The Best American Nonrequired Reading 2007 (The Best American Series ®)
Mariner Books, 2007
384 pp., $22.95
Reviewed by Kristen Scharold
Optional by Necessity
Dave Eggers revels in presumptuous and multilayered titles. In A Heartbreaking Work of Staggering Genius, the book that put him on the literary map, Eggers' seemingly arrogant self-consciousness is quickly revealed to embody a painfully humble rawness. In the Nonrequired Reading series, with one brush of the title, Eggers divides "reading"—which for most people is always nonrequired—into "nonrequired" and "required," thereby redefining the terms and modulating the canon.
A first reading of Nonrequired Reading 2007 suggests that no one is more qualified than Eggers to compile an exceptional collection of writings, slap the term "nonrequired" onto them—thus slapping the literary canon (i.e., required reading) in the face—and in the end make a grand contribution to contemporary literature. With the help of eleven high school students from his San Francisco writing center, Eggers has made the nonrequired required by making it nonrequired. With his tongue in his cheek, he rolls around a set of short blurbs, short stories, and short thingamabobs, including new words, personals from the around the world, six-word memoirs, creationist explanations for the world's natural wonders, failed TV pilots, and a commencement speech by Conan O'Brien, not to mention several short stories and the best names of horses expected to have undistinguished careers. It is a profusion of brilliance under the alias of clutter.

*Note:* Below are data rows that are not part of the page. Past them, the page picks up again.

(* $F_{\{3,8\},\{0\}}$ is nonempty (the bisectors $\mathcal{B}_3$ and $\mathcal{B}_8$ meet in $H^2_\mathbb{C}$), but $\overline{F}_{\{3,8\},\{0,2,6\}}=\emptyset$. In particular $F_{\{3,8\}}=\emptyset$.
   Context: Hermitian form on $\mathbb{C}^3$: $\langle V,W\rangle=V_1\overline{W_3}+V_2\overline{W_2}+V_3\overline{W_1}$. Let $$G_1=\begin{pmatrix}1&1&-\frac{1+i\sqrt7}{2}\\0&1&-1\\0&0&1\end{pmatrix},\quad G_3=\begin{pmatrix}1&0&0\\-1&1&0\\ \frac{-1+i\sqrt7}{2}&1&1\end{pmatrix},\quad G_2=G_3G_1^{-1}G_3^{-1}G_1,$$ $Q=(1,0,0)^T$. Set $\gamma_1=G_2,\gamma_2=G_2^{-1},\gamma_3=G_3,\gamma_4=G_3^{-1}$ and, for $k\ge1$ and $1\le j\le4$, $\gamma_{8k-4+j}=G_1^k\gamma_jG_1^{-k}$, $\gamma_{8k+j}=G_1^{-k}\gamma_jG_1^{k}$. For $Z\in\mathbb{C}^3\setminus\{0\}$ let $f_0(Z)=\langle Z,Z\rangle$ and $f_j(Z)=|\langle Z,Q\rangle|^2-|\langle Z,\gamma_jQ\rangle|^2$ for $j\ge1$ (signs defined on $\mathbb{C}P^2$); $\mathcal{B}_j=\{f_j=0,f_0<0\}$. Let $I=\{0,1,2,\dots\}$. For disjoint $J,K\subset I$, $F_{J,K}=\{[Z]\in\mathbb{C}P^2: f_j(Z)=0\ \forall j\in J,\ f_i(Z)<0\ \forall i\in K\}$, $\overline{F}_{J,K}$ is defined likewise with $f_i\le0$ for $i\in K$, and $F_J=F_{J,I\setminus J}$. *)

From HB Require Import structures.
From mathcomp Require Import all_boot all_order all_algebra.
Set Implicit Arguments. Unset Strict Implicit. Unset Printing Implicit Defensive.
Import Order.TTheory GRing.Theory Num.Theory.
Local Open Scope ring_scope.

Section Defs.
Variable C : numClosedFieldType.

Definition mx3 (a b c d e f g h k : C) : 'M[C]_3 :=
  \matrix_(i < 3, j < 3)
    nth 0 (nth [::] [:: [:: a; b; c]; [:: d; e; f]; [:: g; h; k]] i) j.

(* Hermitian form <V,W> = V1 conj(W3) + V2 conj(W2) + V3 conj(W1) *)
Definition herm (V W : 'cV[C]_3) : C :=
  \sum_(i < 3) V i 0 * (W (rev_ord i) 0)^*.

Definition G1 : 'M[C]_3 :=
  mx3 1 1 (- ((1 + 'i * sqrtC 7) / 2))
      0 1 (-1)
      0 0 1.

Definition G3 : 'M[C]_3 :=
  mx3 1 0 0
      (-1) 1 0
      ((-1 + 'i * sqrtC 7) / 2) 1 1.

Definition G2 : 'M[C]_3 := G3 * invmx G1 * invmx G3 * G1.

Definition Qpt : 'cV[C]_3 := \col_(i < 3) (if i == ord0 then 1 else 0).

Definition gamma_base (i : nat) : 'M[C]_3 :=
  match i with
  | 1 => G2
  | 2 => invmx G2
  | 3 => G3
  | _ => invmx G3
  end.

(* For j >= 1: j = 8k + i (k >= 0, 1 <= i <= 4): gamma_j = G1^-k gamma_i G1^k
   (k = 0 gives gamma_1..gamma_4);
   j = 8k - 4 + i (k >= 1, 1 <= i <= 4): gamma_j = G1^k gamma_i G1^-k.
   gamma 0 is unused (f_0 is defined separately). *)
Definition gamma (j : nat) : 'M[C]_3 :=
  if (1 <= j %% 8 <= 4)%N then
    let k := (j %/ 8)%N in
    (invmx G1) ^+ k * gamma_base (j %% 8) * G1 ^+ k
  else
    let k := ((j + 4) %/ 8)%N in
    G1 ^+ k * gamma_base ((j + 4) %% 8) * (invmx G1) ^+ k.

Definition fj (j : nat) (Z : 'cV[C]_3) : C :=
  if j == 0%N then herm Z Z
  else `|herm Z Qpt| ^+ 2 - `|herm Z (gamma j *m Qpt)| ^+ 2.

(* Points of CP^2 are represented by nonzero vectors; all conditions are
   invariant under scaling by nonzero scalars. *)
Definition F (J K : nat -> Prop) (Z : 'cV[C]_3) : Prop :=
  Z != 0 /\ (forall j, J j -> fj j Z = 0) /\ (forall i, K i -> fj i Z < 0).

Definition Fbar (J K : nat -> Prop) (Z : 'cV[C]_3) : Prop :=
  Z != 0 /\ (forall j, J j -> fj j Z = 0) /\ (forall i, K i -> fj i Z <= 0).

End Defs.

(** The points [gamma_j Q] for [j = 2, 3, 6, 8] are explicit vectors over
    [Z[w]], [w = (-1 + i sqrt 7)/2], and for every [Z]
      [2 (2 f0 + f2 + f6 - f3 - f8) = 4 |Z1 - (1 + w) Z2|^2 + |2 Z2 + Z3|^2 + |Z3|^2].
    On [B3 ∩ B8] the left side is [2 (2 f0 + f2 + f6)], so [f0, f2, f6 <= 0]
    forces [Z = 0].  On the other hand [Z = (-1 - w, -1, 2)] lies on both
    bisectors and [<Z, Z> = -1]. *)

From HB Require Import structures.
From mathcomp Require Import all_boot all_order all_algebra.
From mathcomp Require Import ring.
Import Order.TTheory GRing.Theory Num.Theory.
Local Open Scope ring_scope.

Section Bisectors38.
Variable C : numClosedFieldType.

Definition col3 (x y z : C) : 'cV[C]_3 := \col_(i < 3) nth 0 [:: x; y; z] i.

Lemma col3_eta (Z : 'cV[C]_3) : Z = col3 (Z 0 0) (Z 1 0) (Z 2 0).
Proof.
apply/matrixP => i j; rewrite (ord1 j) mxE.
by case: i => [[|[|[|?]]] ?] //=; congr (Z _ _); exact: val_inj.
Qed.

Lemma col3_eq0 (x y z : C) : (col3 x y z == 0) = [&& x == 0, y == 0 & z == 0].
Proof.
apply/eqP/and3P => [/matrixP Z0 | [/eqP-> /eqP-> /eqP->]].
  by move: (Z0 0 0) (Z0 1 0) (Z0 2 0); rewrite !mxE /= => -> -> ->.
by apply/matrixP => i j; rewrite !mxE; case: i => [[|[|[|?]]] ?].
Qed.

Lemma mulmx_mx3_col3 (a b c d e f g h k x y z : C) :
  mx3 a b c d e f g h k *m col3 x y z =
  col3 (a * x + b * y + c * z) (d * x + e * y + f * z) (g * x + h * y + k * z).
Proof.
apply/matrixP => i j; rewrite !mxE !big_ord_recr big_ord0 /= !mxE /= add0r.
by case: i => [[|[|[|?]]] ?].
Qed.

Lemma mulmx_mx3 (a b c d e f g h k a' b' c' d' e' f' g' h' k' : C) :
  mx3 a b c d e f g h k *m mx3 a' b' c' d' e' f' g' h' k' =
  mx3 (a * a' + b * d' + c * g') (a * b' + b * e' + c * h') (a * c' + b * f' + c * k')
      (d * a' + e * d' + f * g') (d * b' + e * e' + f * h') (d * c' + e * f' + f * k')
      (g * a' + h * d' + k * g') (g * b' + h * e' + k * h') (g * c' + h * f' + k * k').
Proof.
apply/matrixP => i j; rewrite !mxE !big_ord_recr big_ord0 /= !mxE /= add0r.
by case: i => [[|[|[|?]]] ?]; case: j => [[|[|[|?]]] ?].
Qed.

Lemma mx3_id : mx3 1 0 0 0 1 0 0 0 1 = 1%:M :> 'M[C]_3.
Proof.
apply/matrixP => i j; rewrite !mxE.
by case: i => [[|[|[|?]]] ?]; case: j => [[|[|[|?]]] ?].
Qed.

Lemma herm_col3 (a b c x y z : C) :
  herm (col3 a b c) (col3 x y z) = a * z^* + b * y^* + c * x^*.
Proof. by rewrite /herm !big_ord_recr big_ord0 /= !mxE /= add0r. Qed.

Lemma Qpt_col3 : Qpt C = col3 1 0 0.
Proof. by apply/matrixP => i j; rewrite !mxE; case: i => [[|[|[|?]]] ?]. Qed.

Lemma mulmx1_invmx (A B : 'M[C]_3) : A *m B = 1%:M -> invmx A = B.
Proof.
move=> AB1; have [A_unit _] := mulmx1_unit AB1.
by rewrite -[invmx A]mulmx1 -AB1 mulmxA mulVmx // mul1mx.
Qed.

(* Locked so that [ring] treats [w] as an atom subject to [w_sqr]. *)
Definition w : C := locked ((-1 + 'i * sqrtC 7) / 2).

Lemma w_sqr : w ^+ 2 = - w - 2.
Proof.
have i_sqrt7_sqr : ('i * sqrtC 7) ^+ 2 = - 7 :> C.
  by rewrite exprMn sqrCi sqrtCK mulN1r.
by rewrite /w -lock; field: i_sqrt7_sqr.
Qed.

Lemma conj_w : w^* = -1 - w.
Proof.
have sqrt7_real : (sqrtC 7 : C)^* = sqrtC 7 by rewrite geC0_conj ?sqrtC_ge0 ?ler0n.
rewrite /w -lock fmorph_div rmorphD rmorphN rmorph1 rmorphM /= conjCi sqrt7_real.
by rewrite rmorph_nat; field.
Qed.

Definition G1w := mx3 1 1 (-1 - w) 0 1 (-1) 0 0 1.
Definition G3w := mx3 1 0 0 (-1) 1 0 w 1 1.
Definition G1w_inv := mx3 1 (-1) w 0 1 1 0 0 1.
Definition G3w_inv := mx3 1 0 0 1 1 0 (-1 - w) (-1) 1.

Lemma G1_w : G1 C = G1w.
Proof. by rewrite /G1 /G1w /w -lock; congr mx3; field. Qed.

Lemma G3_w : G3 C = G3w.
Proof. by rewrite /G3w /w -lock. Qed.

Lemma invmx_G1w : invmx G1w = G1w_inv.
Proof. by apply: mulmx1_invmx; rewrite mulmx_mx3 -mx3_id; congr mx3; ring. Qed.

Lemma invmx_G3w : invmx G3w = G3w_inv.
Proof. by apply: mulmx1_invmx; rewrite mulmx_mx3 -mx3_id; congr mx3; ring. Qed.

Lemma invmx_G2 : invmx (G2 C) = G1w_inv *m G3w *m G1w *m G3w_inv.
Proof.
apply: mulmx1_invmx; rewrite /G2 G1_w G3_w invmx_G1w invmx_G3w -!mulmxE.
by rewrite !mulmx_mx3 -mx3_id; congr mx3; ring: w_sqr.
Qed.

Lemma gamma2_Qpt : gamma C 2 *m Qpt C = col3 0 0 (-1).
Proof.
rewrite /gamma /= expr0 mul1r mulr1 invmx_G2 Qpt_col3 !mulmx_mx3 mulmx_mx3_col3.
by congr col3; ring: w_sqr.
Qed.

Lemma gamma3_Qpt : gamma C 3 *m Qpt C = col3 1 (-1) w.
Proof.
rewrite /gamma /= expr0 mul1r mulr1 G3_w Qpt_col3 mulmx_mx3_col3.
by congr col3; ring.
Qed.

Lemma gamma6_Qpt : gamma C 6 *m Qpt C = col3 (1 + w) 1 (-1).
Proof.
rewrite /gamma /= !expr1 invmx_G2 G1_w invmx_G1w Qpt_col3 -!mulmxE.
by rewrite !mulmx_mx3 mulmx_mx3_col3; congr col3; ring: w_sqr.
Qed.

Lemma gamma8_Qpt : gamma C 8 *m Qpt C = col3 (1 + w) (2 + w) (-1 - w).
Proof.
rewrite /gamma /= !expr1 G3_w G1_w invmx_G1w invmx_G3w Qpt_col3 -!mulmxE.
by rewrite !mulmx_mx3 mulmx_mx3_col3; congr col3; ring: w_sqr.
Qed.

Ltac conj_expand :=
  do 2 rewrite ?(rmorphD, rmorphN, rmorphB, rmorphM, rmorph1, rmorph0, rmorph_nat)
               /= ?conj_w.

Lemma fj_sum_of_squares (Z : 'cV[C]_3) :
  2 * (2 * fj 0 Z + fj 2 Z + fj 6 Z - fj 3 Z - fj 8 Z) =
  4 * `|Z 0 0 - (1 + w) * Z 1 0| ^+ 2 + `|2 * Z 1 0 + Z 2 0| ^+ 2 + `|Z 2 0| ^+ 2.
Proof.
rewrite /fj /= gamma2_Qpt gamma3_Qpt gamma6_Qpt gamma8_Qpt Qpt_col3.
rewrite [in LHS](col3_eta Z) !herm_col3 !normCK; conj_expand; ring: w_sqr.
Qed.

Lemma bisectors38_nonpos_eq0 (Z : 'cV[C]_3) :
  fj 3 Z = 0 -> fj 8 Z = 0 -> fj 0 Z <= 0 -> fj 2 Z <= 0 -> fj 6 Z <= 0 ->
  Z = 0.
Proof.
move=> f3 f8 f0 f2 f6.
have := fj_sum_of_squares Z; rewrite f3 f8 !subr0.
set a := Z 0 0 - (1 + w) * Z 1 0; set b := 2 * Z 1 0 + Z 2 0 => sos.
have sq_ge0 (x : C) : 0 <= `|x| ^+ 2 by rewrite exprn_ge0.
have a_ge0 : 0 <= 4 * `|a| ^+ 2 by rewrite mulr_ge0 ?ler0n.
have sos_le0 : 4 * `|a| ^+ 2 + `|b| ^+ 2 + `|Z 2 0| ^+ 2 <= 0.
  have := lerD (lerD (mulr_ge0_le0 (ler0n C 2) f0) f2) f6; rewrite !addr0.
  by rewrite -sos; apply: mulr_ge0_le0.
have /eqP : 4 * `|a| ^+ 2 + `|b| ^+ 2 + `|Z 2 0| ^+ 2 = 0.
  by apply/eqP; rewrite eq_le sos_le0 !addr_ge0.
rewrite !paddr_eq0 ?addr_ge0 // mulf_eq0 pnatr_eq0 !sqrf_eq0 !normr_eq0 /=.
case/andP => /andP[/eqP a0 /eqP b0] /eqP c0.
have Z1 : Z 1 0 = 0.
  by apply/eqP; move/eqP: b0; rewrite /b c0 addr0 mulf_eq0 pnatr_eq0.
have Z0 : Z 0 0 = 0 by move: a0; rewrite /a Z1 mulr0 subr0.
by apply/eqP; rewrite (col3_eta Z) col3_eq0 Z0 Z1 c0 eqxx.
Qed.

Definition Zw : 'cV[C]_3 := col3 (-1 - w) (-1) 2.

Lemma Zw_neq0 : Zw != 0.
Proof. by rewrite col3_eq0 !pnatr_eq0 oppr_eq0 oner_eq0 !andbF. Qed.

Lemma fj3_Zw : fj 3 Zw = 0.
Proof.
rewrite /fj /= gamma3_Qpt Qpt_col3 !herm_col3 !normCK; conj_expand; ring: w_sqr.
Qed.

Lemma fj8_Zw : fj 8 Zw = 0.
Proof.
rewrite /fj /= gamma8_Qpt Qpt_col3 !herm_col3 !normCK; conj_expand; ring: w_sqr.
Qed.

Lemma fj0_Zw : fj 0 Zw = -1.
Proof. by rewrite /fj /= herm_col3; conj_expand; ring. Qed.

End Bisectors38.

Lemma F_Fbar (C : numClosedFieldType) (J K K' : nat -> Prop) (Z : 'cV[C]_3) :
  (forall i, K' i -> K i) -> F J K Z -> Fbar J K' Z.
Proof. by move=> K'K [Z0 [fJ fK]]; split=> //; split=> // i /K'K /fK /ltW. Qed.

Theorem proposition5p8 (C : numClosedFieldType) :
  (exists Z : 'cV[C]_3,
     F (fun j => j = 3%N \/ j = 8%N) (fun i => i = 0%N) Z) /\
  (forall Z : 'cV[C]_3,
     ~ Fbar (fun j => j = 3%N \/ j = 8%N)
            (fun i => i = 0%N \/ i = 2%N \/ i = 6%N) Z) /\
  (forall Z : 'cV[C]_3,
     ~ F (fun j => j = 3%N \/ j = 8%N)
         (fun i => ~ (i = 3%N \/ i = 8%N)) Z).
Proof.
have Fbar_empty (Z : 'cV[C]_3) :
    ~ Fbar (fun j => j = 3%N \/ j = 8%N)
           (fun i => i = 0%N \/ i = 2%N \/ i = 6%N) Z.
  move=> [Z_neq0 [f38 f026]]; move/eqP: Z_neq0; apply.
  apply: bisectors38_nonpos_eq0.
  - exact: f38 3%N (or_introl erefl).
  - exact: f38 8%N (or_intror erefl).
  - exact: f026 0%N (or_introl erefl).
  - exact: f026 2%N (or_intror (or_introl erefl)).
  - exact: f026 6%N (or_intror (or_intror erefl)).
split; [|split; first exact: Fbar_empty].
  exists (Zw C); split; first exact: Zw_neq0.
  split; first by move=> j [->|->]; [exact: fj3_Zw | exact: fj8_Zw].
  by move=> i ->; rewrite fj0_Zw ltrN10.
move=> Z FZ; apply: (Fbar_empty Z); apply: F_Fbar FZ.
by move=> i [->|[->|->]] [].
Qed.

Nonrequired 2007 defines the upcoming generation of America by being as indefinable as the culture it represents. It explains America's state of mind by attempting no explanation whatsoever. It is the perfect postmodern study of postmodernism because it haphazardly employs an eclectic symposium of wit, humor, social awareness, pain, creativity, and ______ (fill in the blank with whatever you want) to do nothing but entertain while accidentally arranging meaning. To be this essential to this age, it had to be optional.

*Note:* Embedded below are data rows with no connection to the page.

Lemma in_Z_Zinf {k z} : in_Z k z -> in_Zinf z.
Proof. by case: k => // -[]. Qed.

Lemma norm_le_supnorm {z} g : in_Zinf z -> `|z g| <= supnorm z.
Proof. by move=> hz; apply: ub_le_sup => //; exists g. Qed.

Lemma supnorm_le {z} {c : R} : 0 <= c -> (forall g, `|z g| <= c) -> supnorm z <= c.
Proof.
move=> c0 hz; rewrite /supnorm.
have [->|ne] := eqVneq [set `|z g| | g in [set: Gamma]] set0; first by rewrite sup0.
by apply: ge_sup; [apply/set0P | move=> _ [g _ <-]].
Qed.

Lemma supnorm_ge0 {z} : in_Zinf z -> 0 <= supnorm z.
Proof.
move=> hz; rewrite /supnorm.
have [->|/set0P[_ [g _ _]]] := eqVneq [set `|z g| | g in [set: Gamma]] set0.
  by rewrite sup0.
exact: le_trans (normr_ge0 _) (norm_le_supnorm g hz).
Qed.

Lemma in_Zinf_flincomb a b {y w} :
  in_Zinf y -> in_Zinf w -> in_Zinf (flincomb a b y w).
Proof.
move=> [My hMy] [Mw hMw]; exists (`|a| * My + `|b| * Mw) => _ [g _ <-].
apply: le_trans; first exact: norm_lincomb_le.
by apply: lerD; apply: ler_wpM2l; rewrite ?normr_ge0 ?hMy ?hMw //; exists g.
Qed.

Lemma in_Z_flincomb {k} a b {y w} :
  in_Z k y -> in_Z k w -> in_Z k (flincomb a b y w).
Proof.
case: k => /=; last exact: in_Zinf_flincomb.
move=> [hy fin_y] [hw fin_w]; split; first exact: in_Zinf_flincomb.
move=> e e0; pose c := `|a| + `|b| + 1.
have c0 : 0 < c by rewrite /c; have := normr_ge0 a; have := normr_ge0 b; lra.
pose d := e / c.
have dc : d * c = e by rewrite /d mulfVK // gt_eqF.
have d0 : 0 < d by rewrite divr_gt0.
apply: (sub_finite_set (B := [set g | d < `|y g|] `|` [set g | d < `|w g|])).
  move=> g /=; case: (ltrP d `|y g|) => [|hyg]; first by left.
  case: (ltrP d `|w g|) => [|hwg]; first by right.
  have := norm_lincomb_le a b (y g) (w g); rewrite /flincomb.
  have := normr_ge0 a; have := normr_ge0 b; move: dc; rewrite /c; nra.
by rewrite finite_setU; split; [apply: fin_y | apply: fin_w].
Qed.

Lemma in_Z_fscale {k} a {y} : in_Z k y -> in_Z k (fscale a y).
Proof.
move=> hy; have := in_Z_flincomb a 0 hy hy.
have -> // : flincomb a 0 y y = fscale a y.
by apply: functional_extensionality_dep => g; rewrite /flincomb scale0r addr0.
Qed.

Lemma in_Z_fsub {k y w} : in_Z k y -> in_Z k w -> in_Z k (fsub y w).
Proof.
move=> hy hw; have := in_Z_flincomb 1 (-1) hy hw.
have -> // : flincomb 1 (-1) y w = fsub y w.
by apply: functional_extensionality_dep => g; rewrite /flincomb scale1r scaleN1r.
Qed.

Lemma in_Z_fzero {k} : in_Z k fzero.
Proof.
have bounded : in_Zinf fzero by exists 0 => _ [g _ <-]; rewrite normr0.
case: k => //=; split => // e e0.
apply: (sub_finite_set (B := set0)); last exact: finite_set0.
by move=> g /=; rewrite normr0 ltNge ltW.
Qed.

Lemma in_Z_fdelta {k g0} (v : X g0) : in_Z k (fdelta v).
Proof.
have bounded : in_Zinf (fdelta v).
  by exists `|v| => _ [g _ <-]; apply: norm_fdelta_le.
case: k => //=; split => // e e0.
apply: (sub_finite_set (B := [set g0])); last exact: finite_set1.
move=> g /=; have [<-//|ne] := pselect (g0 = g).
by rewrite fdelta_ne // normr0 ltNge ltW.
Qed.

Lemma BZ_norm_le1 {k z} g : BZ k z -> `|z g| <= 1.
Proof. by move=> [hz le1]; apply: le_trans le1; apply: norm_le_supnorm (in_Z_Zinf hz). Qed.

Lemma BZ_norm1_SZ {k z} g : BZ k z -> `|z g| = 1 -> SZ k z.
Proof.
move=> [hz le1] eq1; split=> //; apply/le_anti; rewrite le1 -{1}eq1.
exact: norm_le_supnorm (in_Z_Zinf hz).
Qed.

Lemma BZ_fcomb {k y w t} : BZ k y -> BZ k w -> 0 <= t <= 1 -> BZ k (fcomb t y w).
Proof.
move=> By Bw /andP[t0 t1].
split; first by apply: in_Z_flincomb; [case: By | case: Bw].
apply: supnorm_le => // g; apply: le_trans; first exact: norm_lincomb_le.
have := BZ_norm_le1 g By; have := BZ_norm_le1 g Bw.
rewrite !ger0_norm ?subr_ge0 //; nra.
Qed.

Lemma BZ_fscale {k} a {y} : BZ k y -> `|a| * supnorm y <= 1 -> BZ k (fscale a y).
Proof.
move=> [hy _] le1; split; first exact: in_Z_fscale.
apply: supnorm_le => // g; apply: le_trans le1; rewrite normrZ.
by apply/ler_wpM2l/(norm_le_supnorm g (in_Z_Zinf hy)).
Qed.

Lemma BZ_fzero k : BZ k fzero.
Proof. by split; [exact: in_Z_fzero | apply: supnorm_le => // g; rewrite normr0]. Qed.

Lemma face_BZ_fzero {k F p} :
  face_of_BZ k F -> F p -> supnorm p < 1 -> F fzero.
Proof.
move=> [sub [_ extremal]] Fp lt1.
have [hp _] := sub _ Fp.
have p0 := supnorm_ge0 (in_Z_Zinf hp).
pose t := (1 - supnorm p) / 2.
have t01 : 0 < t < 1 by rewrite /t; apply/andP; split; lra.
have t1 : 0 < 1 - t by rewrite /t; lra.
pose w := fscale (1 - t)^-1 p.
have Bw : BZ k w.
  apply: BZ_fscale (sub _ Fp) _.
  by rewrite ger0_norm ?invr_ge0 ?(ltW t1) // ler_pdivrMl // mulr1 /t; lra.
have p_comb : fcomb t fzero w = p.
  apply: functional_extensionality_dep => g.
  by rewrite /fcomb /w /fscale scaler0 add0r scalerA mulfV ?scale1r ?gt_eqF.
by rewrite -p_comb in Fp; have [] := extremal fzero w t (BZ_fzero k) Bw t01 Fp.
Qed.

Some readers will pick up this collection just for the introduction by acclaimed indie artist Sufjan Stevens. Those who do so will be rewarded. Entitled "How I Trumped Rudolph Steiner and Overcame the Tribulations of Illiteracy, One Snickers Bar at a Time," Stevens' short essay far exceeds the rather perfunctory gestures of the typical celebrity intro. Stevens recounts his passage from a textually challenged, finger-knitting second grader in the Waldorf system to a third grader deciphering Edward Gibbon's The Decline and Fall and the Roman Empire. How did he conquer Rudolph Steiner? He transferred from the nonrequired reading curriculum of the Waldorf system to the public schools, where literacy was forced upon him. As Stevens puts it, "I only needed the brash brainwashing of civilization, a crash course in modern society, capitalism, free enterprise, pop culture, Mickey Mouse, the Hardy Boys, Ronald McDonald. I needed the chlorinated conditioning of the modern world, with its pageantry of products, its multimedia of stimulation—television, TV guide, Little Debbie, Garfield, Peanuts, Cocoa Puffs."
When you put this book down, you will know that the literary canon has been broadened—not just beyond the standards of traditionalists, but every bit as much beyond the approved reading lists of socially conscious reformers. And you may be prompted to go out and find some nonrequired reading on your own.
Kristen Scharold is an assistant editor at Christianity Today International.